═══ Data excerpts

Let R0 := extend A0.
Let spR0 : semiring_preorder R0. Proof. by case: A0_refutes. Qed.
Let geR0 a b : ge a b -> R0 a b. Proof. by left. Qed.
Let R0_nge m : ~ R0 (x + S m) y. Proof. by case: A0_refutes => _; apply. Qed.

Lemma maximal_adjoin a b : ~ R0 a b -> exists m w, R0 (x + S m + w * b) (y + w * a).
Proof.
move=> nab; set B : set (F * F) := fun cd => adjoin R0 a b cd.1 cd.2.
have A0B : (A0 `<` B)%classic.
  split; first by move=> [c d] A0cd; apply: adjoin_sub; right.
  by move=> BA0; apply: nab; right; apply: BA0; exact: adjoin_pair.
have extendB c d : adjoin R0 a b c d <-> extend B c d.
  by split; [right | case=> [/geR0/adjoin_sub|]].
have spB : semiring_preorder (extend B) := sp_eq extendB (sp_adjoin a b spR0).
case: (EM (exists m, extend B (x + S m) y)) => [[m /extendB [w]]|nB].
  by exists m, w.
by case: (A0_max A0B); split=> // m hm; apply: nB; exists m.
Qed.

Lemma maximal_total a b : R0 a b \/ R0 b a.
Proof.
case: (EM (R0 a b)) => [|nab]; [by left | right].
case: (EM (R0 b a)) => // nba; exfalso.
have [m1 [w1 h1]] := maximal_adjoin nab.
have [m2 [w2 h2]] := maximal_adjoin nba.
set M := maxn m1 m2.
have lift m w c : (m <= M)%N -> R0 (x + S M + w * c) (x + S m + w * c).
  by move=> mM; apply/geR0/(sp_addr spge)/(sp_addl spge); exact: geom_series_mono.
have {}h1 := sp_trans spR0 (lift _ _ _ (leq_maxl m1 m2)) h1.
have {}h2 := sp_trans spR0 (lift _ _ _ (leq_maxr m1 m2)) h2.
have [w1_0|w1_neq0] := eqVneq w1 0.
  by apply: (@R0_nge M); move: h1; rewrite w1_0 !mul0r !addr0.
have w12_neq0 : w1 + w2 != 0 by apply: contra_neq w1_neq0 => /addr_eq0_l.
have := sp_mulV_cancel mulrV spR0 w12_neq0 (sp_cross spR0 h1 h2).
by case/(geom_series_cancel spR0 geR0) => m /R0_nge.
Qed.

(* Otherwise the term [eps^(K+2) u^(K+1)] of the series would dominate
   [C u^K >= y]. *)
Lemma maximal_bounds_u : exists N : nat, R0 N%:R u.
Proof.
case: (EM (exists N : nat, R0 N%:R u)) => // nN; exfalso.
have uN N : R0 u N%:R by case: (maximal_total u N%:R) => // Nu; case: nN; exists N.
have [C [K CKy]] := ge_natr_uX y.
have [N N0 CN] := exists_nat_div_le C (exprn_gt0 K.+2 eps0).
have N_gt0 : (0 : rat) < N%:R by rewrite ltr0n.
rewrite ler_pdivrMr // in CN.
apply: (@R0_nge K.+1); apply: (sp_trans spR0 (geR0 (sp_addl_ge spge ge10 _ x))).
apply: (sp_trans spR0 (geR0 (geom_series_ge_term K.+1))).
rewrite /geom_term (exprSr u) mulrA; apply: (sp_trans spR0 (sp_mull spR0 _ (uN N))).
rewrite mulrAC -(ratF_nat mulrV char0 N) -ratFM ?exprn_ge0 ?ltW //.
apply/geR0/(sp_trans spge _ CKy)/(sp_mulr spge).
by rewrite -(ratF_nat mulrV char0); exact: (sp_ratF _ _ spge ge10 (ler0n _ _) CN).
Qed.

Lemma maximal_archimedean a : exists n : nat, R0 n%:R a.
Proof.
have [N uN] := maximal_bounds_u; have [C [K CKa]] := ge_natr_uX a.
exists (C * N ^ K)%N; rewrite natrM natrX.
exact: (sp_trans spR0 (sp_mull spR0 _ (sp_exp spR0 K uN)) (geR0 CKa)).
Qed.

Lemma maximal_ratF q r : 0 <= q -> 0 <= r -> R0 (ratF inv q) (ratF inv r) -> r <= q.
Proof.
move=> q0 r0 qr; rewrite leNgt; apply/negP => lt_qr.
have [n ny] := maximal_archimedean y.
have := sp_ratF_collapse mulrV char0 spR0 (geR0 ge10) q0 lt_qr qr eps0 (ler0n _ n).
rewrite ratF_nat // => eps_n.
apply: (@R0_nge 0%N); apply: (sp_trans spR0 (geR0 (sp_addl_ge spge ge10 _ x))).
exact: (sp_trans spR0 (geR0 (geom_series_ge_eps 0)) (sp_trans spR0 eps_n ny)).
Qed.

Lemma maximal_separates : exists f : F -> RR, monotone_hom ge f /\ f x < f y.
Proof.
have hom_sup := sup_hom_monotone RR mulrV char0 spR0 (geR0 ge10)
  maximal_total maximal_archimedean maximal_ratF.
exists (sup_hom inv R0 RR); split; first exact: monotone_hom_sub hom_sup.
have yx : R0 y (x + S 0) by case: (maximal_total (x + S 0) y) => // /R0_nge.
have := hom_mono hom_sup yx; rewrite (homD hom_sup).
have := hom_mono hom_sup (geR0 (geom_series_ge_eps 0)).
rewrite (hom_ratF hom_sup mulrV char0 (ltW eps0)).
have : (0 : RR) < ratr eps by rewrite ltr0q.
lra.
Qed.

End Maximal.

Lemma series_nge_separates : exists f : F -> RR, monotone_hom ge f /\ f x < f y.
Proof.
have [A0 [A0_refutes A0_max]] := Zorn_bigcup refutes_bigcup.
exact: maximal_separates A0_refutes A0_max.
Qed.

End Separation.

Lemma hom_ge_series_ge (RR : realType) (F : comNzSemiRingType) (inv : F -> F)
    (ge : F -> F -> Prop) (u x y : F) :
  preordered_semifield inv ge -> char_zero F -> ge 1 0 -> poly_universal ge u ->
  hom_ge RR ge x y -> series_ge inv ge u x y.
Proof.
move=> psf char0 ge10 u_univ xy eps eps0.
case: (EM (exists m, ge (x + geom_series inv u eps m) y)) => // /forallNP nge.
have [f [hom_f]] := series_nge_separates psf char0 ge10 u_univ eps0 nge RR.
by rewrite ltNge xy.
Qed.

Lemma geometric_sum_le2 (R : realFieldType) (t : R) n :
  0 <= t -> t <= 2^-1 -> \sum_(j < n) t ^+ j <= 2.
Proof.
move=> t0 t_le; elim: n => [|n IH]; first by rewrite big_ord0 ler0n.
rewrite big_ord_recl expr0 (eq_bigr (fun j : 'I_n => t * t ^+ j)); last first.
  by move=> j _; rewrite exprS.
rewrite -mulr_sumr; have : t * \sum_(j < n) t ^+ j <= 2^-1 * 2.
  by apply: ler_pM => //; apply: sumr_ge0 => j _; exact: exprn_ge0.
rewrite mulVf ?pnatr_eq0 //; lra.
Qed.

Lemma exists_rat_gt0_lt (R : realType) (d : R) : 0 < d ->
  exists e : rat, 0 < e /\ ratr e < d.
Proof.
move=> d0; have [e] := rat_in_itvoo d0; rewrite in_itv /= => /andP [e0 ed].
by exists e; rewrite -(ltr0q R).
Qed.
(* Two visits at times [j < j'] give [|(j' - j) eps - K| < |cf_err (S i)|] for some
   integer [K], which best approximation forbids for [j' - j < cf_den (S (S i))]. *)
Lemma rot_orbit_sparse i (P : R -> Prop) :
  (forall x y, P x -> P y -> Rabs (x - y) < Rabs (cf_err (S i))) ->
  sparse (fun j => P (z j)) (Z.to_nat (cf_den (S (S i)))).
Proof.
  intros HP j j' Hjj' Pj Pj'.
  destruct (Nat.lt_ge_cases (j' - j) (Z.to_nat (cf_den (S (S i))))) as [Hlt|Hge]; [|lia].
  exfalso.
  destruct (rot_orbit_shift j (j' - j)) as [K HK].
  replace (j + (j' - j))%nat with j' in HK by lia.
  pose proof (best_approximation i (Z.of_nat (j' - j)) K ltac:(lia)) as B.
  pose proof (HP _ _ Pj Pj') as C.
  rewrite <- INR_IZR_INZ in B.
  replace (z j - z j') with (INR (j' - j) * eps - IZR K) in C by lra.
  lra.
Qed.

(* The coding of [y] is read off the positions of [y] and [rotation eps y] relative to
   [0] and [l], so a shift crossing none of these points preserves it. *)
Lemma rot_code_shift y y' d (K : Z) : 0 <= y < 1 -> 0 <= y' < 1 -> y' = y + d + IZR K ->
  ~ wraps d y -> ~ crosses l d y -> ~ wraps d (rotation eps y) ->
  ~ crosses l d (rotation eps y) ->
  rot_code eps l y' = rot_code eps l y.
Proof.
  intros Hy Hy' Hyy N1 N2 N3 N4.
  unfold wraps, crosses, rotation in *.
  assert (K = 0%Z) as ->.
  { apply IZR_abs_lt_1. destruct (Rlt_le_dec 0 d); [|destruct (Rlt_le_dec d 0)];
      try (assert (d = 0) by lra; subst; lra);
      destruct (Rlt_le_dec y (1 - d)); destruct (Rle_lt_dec (- d) y); lra. }
  rewrite Rplus_0_r in Hyy. subst y'. unfold rot_code, letter_of.
  destruct (Rlt_dec (y - eps) 0); repeat destruct Rlt_dec; try reflexivity; exfalso; lra.
Qed.

Lemma T3_first_return y : 0 <= y < l ->
  T y = if Rlt_dec (rotation eps y) l then rotation eps y else rotation eps (rotation eps y).
Proof. intros Hy. unfold T3, rotation. repeat destruct Rlt_dec; lra. Qed.

Lemma iter_T3_range t : 0 <= Nat.iter t T x0 < l.
Proof.
  induction t; [exact x0_range|]. rewrite Nat.iter_succ.
  set (y := Nat.iter t T x0) in *. unfold T3. repeat destruct Rlt_dec; lra.
Qed.
(* Let $S=\mathbb{Q}[x,y]/\langle x^3+xy^2+y^3\rangle$, and let $A_1=\mathbb{Q}[x^2,xy]$ and $A_2=\mathbb{Q}[x,y^2]$ be the subalgebras of $S$ generated by the images of the indicated polynomials. Then $$A_1\cap A_2=\mathbb{Q}[\,x^2,\; x^2y^2+xy^3,\; y^4,\; xy^3,\; y^6,\; xy^5\,]\subseteq S,$$ and these six elements form a subalgebra basis of $A_1\cap A_2$ with respect to the graded reverse lexicographic order with $x>y$.
   Context: For an ideal $I$ of a polynomial ring $R$ with monomial order $<$ and a subalgebra $A\subseteq R/I$, the initial algebra $\operatorname{in}_<(A)$ is the subalgebra of $R/\operatorname{in}_<(I)$ generated by the initial terms (taken with respect to normal forms modulo $I$) of elements of $A$; a set $\{g_j\}\subseteq A$ is a subalgebra basis of $A$ if $\operatorname{in}_<(A)$ is generated by the initial terms of the $g_j$. Here $\operatorname{in}_<(I)=\langle x^3\rangle$. *)

(* Q[x,y] is represented as {poly {poly rat}}:
   the outer variable is x, the inner one (coefficients) is y. *)
From mathcomp Require Import all_boot all_order all_algebra.
Set Implicit Arguments. Unset Strict Implicit. Unset Printing Implicit Defensive.
Import GRing.Theory.
Local Open Scope ring_scope.

Definition Rxy : Type := {poly {poly rat}}.
Definition X : Rxy := 'X.
Definition Y : Rxy := ('X)%:P.
Definition cst (c : rat) : Rxy := c%:P%:P.

Inductive subalg_gen (G : Rxy -> Prop) : Rxy -> Prop :=
  | sg_cst c : subalg_gen G (cst c)
  | sg_gen g : G g -> subalg_gen G g
  | sg_add p q : subalg_gen G p -> subalg_gen G q -> subalg_gen G (p + q)
  | sg_mul p q : subalg_gen G p -> subalg_gen G q -> subalg_gen G (p * q).

Definition in_ideal (f p : Rxy) : Prop := exists h : Rxy, p = h * f.

(* p (a representative of its class in Rxy/<f>) lies in the subalgebra of
   Rxy/<f> generated by the images of G. *)
Definition subalg_mod (f : Rxy) (G : Rxy -> Prop) (p : Rxy) : Prop :=
  exists q, subalg_gen G q /\ in_ideal f (p - q).

Definition of_seq (gs : seq Rxy) : Rxy -> Prop := fun g => g \in gs.

Definition fS : Rxy := X ^+ 3 + X * Y ^+ 2 + Y ^+ 3.
(* Its initial ideal for grevlex (x > y): in(I) = <x^3>. *)
Definition inI : Rxy := X ^+ 3.

Definition grevlex_le (i j i' j' : nat) : bool :=
  (i + j < i' + j')%N || ((i + j == i' + j')%N && (j' <= j)%N).

Definition coef2 (r : Rxy) (i j : nat) : rat := (r`_i)`_j.

Definition term (c : rat) (i j : nat) : Rxy := (c *: 'X^j)%:P * 'X^i.

Definition is_init_term (r t : Rxy) : Prop :=
  exists i j, coef2 r i j != 0 /\ t = term (coef2 r i j) i j /\
    forall i' j', coef2 r i' j' != 0 -> grevlex_le i' j' i j.

(* r is the normal form of p modulo I = <fS>: p - r in I and no monomial of
   r lies in in(I) = <x^3>, i.e. r has x-degree < 3. *)
Definition is_NF (p r : Rxy) : Prop := in_ideal fS (p - r) /\ (size r <= 3)%N.

Definition init_term (p t : Rxy) : Prop := exists r, is_NF p r /\ is_init_term r t.

(* in_<(A): subalgebra of Rxy/in(I) generated by the initial terms of
   elements of A (A given as a predicate on representatives). *)
Definition initial_algebra (A : Rxy -> Prop) : Rxy -> Prop :=
  subalg_mod inI (fun t => exists a, A a /\ init_term a t).

Definition subalg_basis (A : Rxy -> Prop) (gs : seq Rxy) : Prop :=
  (forall g, g \in gs -> A g) /\
  (forall t, initial_algebra A t <->
             subalg_mod inI (fun t => exists g, g \in gs /\ init_term g t) t).

Definition A1gens : seq Rxy := [:: X ^+ 2; X * Y].
Definition A2gens : seq Rxy := [:: X; Y ^+ 2].
Definition Bgens : seq Rxy :=
  [:: X ^+ 2; X ^+ 2 * Y ^+ 2 + X * Y ^+ 3; Y ^+ 4; X * Y ^+ 3; Y ^+ 6; X * Y ^+ 5].

Definition A1 : Rxy -> Prop := subalg_mod fS (of_seq A1gens).
Definition A2 : Rxy -> Prop := subalg_mod fS (of_seq A2gens).
Definition A12 : Rxy -> Prop := fun p => A1 p /\ A2 p.

From mathcomp Require Import all_boot all_order all_algebra.
From mathcomp Require Import ring zify.
Set Implicit Arguments. Unset Strict Implicit. Unset Printing Implicit Defensive.
Import GRing.Theory.
Local Open Scope ring_scope.

(* Everything is read off exponents.  Elements of Q[x^2,xy] are supported on
   exponents (i,j) with i+j even and j <= i, elements of Q[x,y^2] on j even.
   As fS is homogeneous of degree 3, two representatives of one class agree
   in degree < 3; so an element of A1 /\ A2 has a representative supported on
   exps_B = {i+j even} minus {xy, y^2}.  Every exponent of exps_B is a sum of
   (2,0), (2,2), (3,1), (0,4), (1,3), (0,6), (1,5) (lemma exps_B_monos), and
   the corresponding monomials lie in B; conversely explicit certificates
   g = q + h fS put the generators of B in A1 and in A2.  This gives
   A1 /\ A2 = B.  For the subalgebra basis property, reduction modulo fS
   (x^3 -> -xy^2 - y^3) preserves exps_B, so by uniqueness of normal forms the
   initial term of any element of A1 /\ A2 is supported on exps_B; modulo
   x^3 the seven monomials above are generated by the initial terms of the
   generators of B, so exps_B_monos applies once more. *)

Section PrincipalIdeal.
Variable f : Rxy.

Lemma ideal0 : in_ideal f 0.
Proof. by exists 0; rewrite mul0r. Qed.

Lemma idealD p q : in_ideal f p -> in_ideal f q -> in_ideal f (p + q).
Proof. by move=> [a ->] [b ->]; exists (a + b); rewrite mulrDl. Qed.

Lemma idealMl p q : in_ideal f p -> in_ideal f (q * p).
Proof. by move=> [a ->]; exists (q * a); rewrite mulrA. Qed.

End PrincipalIdeal.

Section SubalgebraModulo.
Variables (f : Rxy) (G : Rxy -> Prop).
Local Notation S := (subalg_mod f G).

Lemma sm_cst c : S (cst c).
Proof. by exists (cst c); split; [exact: sg_cst | rewrite subrr; exact: ideal0]. Qed.

Lemma sm_gen g : G g -> S g.
Proof. by exists g; split; [exact: sg_gen | rewrite subrr; exact: ideal0]. Qed.

Lemma sm_add p q : S p -> S q -> S (p + q).
Proof.
move=> [a [Ha Hpa]] [b [Hb Hqb]]; exists (a + b); split; first exact: sg_add.
by rewrite (_ : _ - _ = (p - a) + (q - b)); [exact: idealD | ring].
Qed.

Lemma sm_mul p q : S p -> S q -> S (p * q).
Proof.
move=> [a [Ha Hpa]] [b [Hb Hqb]]; exists (a * b); split; first exact: sg_mul.
rewrite (_ : _ - _ = q * (p - a) + a * (q - b)); last by ring.
by apply: idealD; exact: idealMl.
Qed.

Lemma sm_opp p : S p -> S (- p).
Proof.
move=> Sp; rewrite (_ : - p = cst (-1) * p); first exact: sm_mul (sm_cst _) Sp.
by rewrite /cst !rmorphN1 mulN1r.
Qed.

Lemma sm_ideal p q : S q -> in_ideal f (p - q) -> S p.
Proof.
move=> [a [Ha Hqa]] Hpq; exists a; split=> //.
by rewrite (_ : _ - _ = (p - q) + (q - a)); [exact: idealD | ring].
Qed.

Lemma sm_congr p q h : p = q + h * f -> S q -> S p.
Proof. by move=> Epq Sq; apply: sm_ideal Sq _; exists h; rewrite Epq; ring. Qed.

End SubalgebraModulo.

Lemma sm_sub f (G G' : Rxy -> Prop) p :
  (forall g, G g -> subalg_mod f G' g) -> subalg_mod f G p -> subalg_mod f G' p.
Proof.
move=> HG [q [Hq Hpq]]; apply: sm_ideal Hpq.
elim: Hq => {q} [c|g /HG //|a b _ Ha _ Hb|a b _ Ha _ Hb].
- exact: sm_cst.
- exact: sm_add.
- exact: sm_mul.
Qed.

Ltac subalg_closure :=
  repeat first
    [ assumption
    | apply: sm_gen; by rewrite /of_seq !inE eqxx ?orbT
    | apply: sm_cst | apply: sm_opp | apply: sm_add | apply: sm_mul ].

Definition mono (i j : nat) : Rxy := X ^+ i * Y ^+ j.

Lemma monoE i j : mono i j = ('X^j)%:P * 'X^i.
Proof. by rewrite /mono /X /Y rmorphXn mulrC. Qed.

Lemma mono_split a b c d : mono (a + c) (b + d) = mono a b * mono c d.
Proof. rewrite /mono !exprD; ring. Qed.

Lemma mono0 : mono 0 0 = cst 1.
Proof. by rewrite /mono /cst !rmorph1 mulr1. Qed.

Lemma termE c i j : term c i j = cst c * mono i j.
Proof. by rewrite /term monoE /cst mulrA -polyCM (mul_polyC c). Qed.

Lemma coef2_mono a b i j : coef2 (mono a b) i j = ((i == a) && (j == b))%:R.
Proof.
rewrite /coef2 monoE coefCM coefXn.
by case: (i == a); rewrite ?mulr1 ?coefXn // mulr0 coef0.
Qed.

Lemma coef2D p q i j : coef2 (p + q) i j = coef2 p i j + coef2 q i j.
Proof. by rewrite /coef2 !coefD. Qed.

Lemma coef2B p q i j : coef2 (p - q) i j = coef2 p i j - coef2 q i j.
Proof. by rewrite /coef2 !coefB. Qed.

Lemma coef2CM c p i j : coef2 (cst c * p) i j = c * coef2 p i j.
Proof. by rewrite /coef2 /cst !coefCM. Qed.

Lemma coef2M p q i j : coef2 (p * q) i j != 0 ->
  exists k l,
    [/\ (k <= i)%N, (l <= j)%N, coef2 p k l != 0 & coef2 q (i - k) (j - l) != 0].
Proof.
move=> Hnz.
have [/existsP [k /existsP [l /andP [Hp Hq]]]|] := boolP
  [exists k : 'I_i.+1, exists l : 'I_j.+1,
     (coef2 p k l != 0) && (coef2 q (i - k) (j - l) != 0)].
  by exists k, l; split=> //; rewrite -ltnS ltn_ord.
rewrite negb_exists => /forallP Hall.
move: Hnz; rewrite /coef2 coefM coef_sum big1 ?eqxx // => k _.
rewrite coefM big1 // => l _.
move: (Hall k); rewrite negb_exists => /forallP /(_ l).
by rewrite negb_and !negbK /coef2 => /orP [] /eqP ->; rewrite ?mul0r ?mulr0.
Qed.

Definition supp_in (P : nat -> nat -> bool) (p : Rxy) : Prop :=
  forall i j, coef2 p i j != 0 -> P i j.

Section Support.
Variable P : nat -> nat -> bool.

Lemma supp0 : supp_in P 0.
Proof. by move=> i j; rewrite /coef2 !coef0 eqxx. Qed.

Lemma supp_add p q : supp_in P p -> supp_in P q -> supp_in P (p + q).
Proof.
move=> Hp Hq i j; rewrite coef2D.
by have [/eqP ->|/Hp //] := boolP (coef2 p i j == 0); rewrite add0r => /Hq.
Qed.

Lemma supp_cstM c p : supp_in P p -> supp_in P (cst c * p).
Proof.
move=> Hp i j; rewrite coef2CM.
by have [/eqP ->|/Hp //] := boolP (coef2 p i j == 0); rewrite mulr0 eqxx.
Qed.

Lemma supp_mono a b : P a b -> supp_in P (mono a b).
Proof.
move=> Hab i j; rewrite coef2_mono.
by case: (boolP ((i == a) && (j == b))) => [/andP [/eqP -> /eqP ->]|]; rewrite ?eqxx.
Qed.

Lemma supp_cst c : P 0 0 -> supp_in P (cst c).
Proof.
move=> H00; rewrite (_ : cst c = cst c * mono 0 0); first exact/supp_cstM/supp_mono.
by rewrite mono0 /cst !rmorph1 mulr1.
Qed.

Lemma supp_ind (Q : Rxy -> Prop) p :
  Q 0 -> (forall a b, Q a -> Q b -> Q (a + b)) ->
  (forall c i j, P i j -> Q (cst c * mono i j)) -> supp_in P p -> Q p.
Proof.
move=> Q0 QD Qterm Hp.
have -> : p = \sum_(i < size p) \sum_(j < size p`_i) cst (coef2 p i j) * mono i j.
  rewrite -{1}[p]coefK poly_def; apply: eq_bigr => i _.
  under eq_bigr do rewrite -termE /term.
  by rewrite -mulr_suml -rmorph_sum -poly_def coefK mul_polyC.
apply: big_ind => // i _; apply: big_ind => // j _.
have [/eqP ->|/Hp] := boolP (coef2 p i j == 0); last exact: Qterm.
by rewrite /cst !rmorph0 mul0r.
Qed.

Lemma sm_supp f G p : supp_in P p ->
  (forall i j, P i j -> subalg_mod f G (mono i j)) -> subalg_mod f G p.
Proof.
move=> Hp Hmono; apply: supp_ind Hp.
- by rewrite (_ : 0 = cst 0); [exact: sm_cst | rewrite /cst !rmorph0].
- exact: sm_add.
- by move=> c i j /Hmono; apply: sm_mul (sm_cst _ _ _).
Qed.

End Support.

Lemma supp_mul (P Q R : nat -> nat -> bool) p q :
  supp_in P p -> supp_in Q q ->
  (forall k l a b, P k l -> Q a b -> R (k + a)%N (l + b)%N) -> supp_in R (p * q).
Proof.
move=> Hp Hq HR i j /coef2M [k [l [Hk Hl /Hp Pkl /Hq Qij]]].
by have := HR _ _ _ _ Pkl Qij; rewrite !subnKC.
Qed.

Lemma supp_subalg (P : nat -> nat -> bool) G q :
  P 0%N 0%N -> (forall k l a b, P k l -> P a b -> P (k + a)%N (l + b)%N) ->
  (forall g, G g -> supp_in P g) -> subalg_gen G q -> supp_in P q.
Proof.
move=> P00 PD PG; elim=> {q} [c|g /PG //|p q _ Hp _ Hq|p q _ Hp _ Hq].
- exact: supp_cst.
- exact: supp_add.
- exact: supp_mul Hp Hq PD.
Qed.

(* Exponent patterns: Q[x^2, xy] lives on exps_A1, Q[x, y^2] on exps_A2, and
   A1 /\ A2 is represented by polynomials living on exps_B (even degree,
   excluding xy and y^2). *)
Definition exps_A1 (i j : nat) : bool := ~~ odd (i + j) && (j <= i)%N.
Definition exps_A2 (i j : nat) : bool := ~~ odd j.
Definition exps_B (i j : nat) : bool :=
  [&& ~~ odd (i + j), ~~ ((i == 1)%N && (j == 1)%N) & ~~ ((i == 0)%N && (j == 2)%N)].

Lemma subalg_A1_supp q : subalg_gen (of_seq A1gens) q -> supp_in exps_A1 q.
Proof.
apply: supp_subalg => [//|k l a b|g]; first by rewrite /exps_A1; lia.
rewrite /of_seq !inE => /orP [] /eqP ->.
- have -> : X ^+ 2 = mono 2 0 by rewrite /mono; ring.
  exact: supp_mono.
- have -> : X * Y = mono 1 1 by rewrite /mono; ring.
  exact: supp_mono.
Qed.

Lemma subalg_A2_supp q : subalg_gen (of_seq A2gens) q -> supp_in exps_A2 q.
Proof.
apply: supp_subalg => [//|k l a b|g]; first by rewrite /exps_A2; lia.
rewrite /of_seq !inE => /orP [] /eqP ->.
- have -> : X = mono 1 0 by rewrite /mono; ring.
  exact: supp_mono.
- have -> : Y ^+ 2 = mono 0 2 by rewrite /mono; ring.
  exact: supp_mono.
Qed.

Lemma fS_homogeneous : supp_in (fun i j => i + j == 3)%N fS.
Proof.
have -> : fS = mono 3 0 + mono 1 2 + mono 0 3 by rewrite /fS /mono; ring.
by do 2?apply: supp_add; apply: supp_mono.
Qed.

══════

How to complete this task >>
Print the lines above from the one with "have [N N0 CN]" through the one with "have := sp_ratF_collapse", both included, exactly as written and nothing more.

Result >>
have [N N0 CN] := exists_nat_div_le C (exprn_gt0 K.+2 eps0).
have N_gt0 : (0 : rat) < N%:R by rewrite ltr0n.
rewrite ler_pdivrMr // in CN.
apply: (@R0_nge K.+1); apply: (sp_trans spR0 (geR0 (sp_addl_ge spge ge10 _ x))).
apply: (sp_trans spR0 (geR0 (geom_series_ge_term K.+1))).
rewrite /geom_term (exprSr u) mulrA; apply: (sp_trans spR0 (sp_mull spR0 _ (uN N))).
rewrite mulrAC -(ratF_nat mulrV char0 N) -ratFM ?exprn_ge0 ?ltW //.
apply/geR0/(sp_trans spge _ CKy)/(sp_mulr spge).
by rewrite -(ratF_nat mulrV char0); exact: (sp_ratF _ _ spge ge10 (ler0n _ _) CN).
Qed.

Lemma maximal_archimedean a : exists n : nat, R0 n%:R a.
Proof.
have [N uN] := maximal_bounds_u; have [C [K CKa]] := ge_natr_uX a.
exists (C * N ^ K)%N; rewrite natrM natrX.
exact: (sp_trans spR0 (sp_mull spR0 _ (sp_exp spR0 K uN)) (geR0 CKa)).
Qed.

Lemma maximal_ratF q r : 0 <= q -> 0 <= r -> R0 (ratF inv q) (ratF inv r) -> r <= q.
Proof.
move=> q0 r0 qr; rewrite leNgt; apply/negP => lt_qr.
have [n ny] := maximal_archimedean y.
have := sp_ratF_collapse mulrV char0 spR0 (geR0 ge10) q0 lt_qr qr eps0 (ler0n _ n).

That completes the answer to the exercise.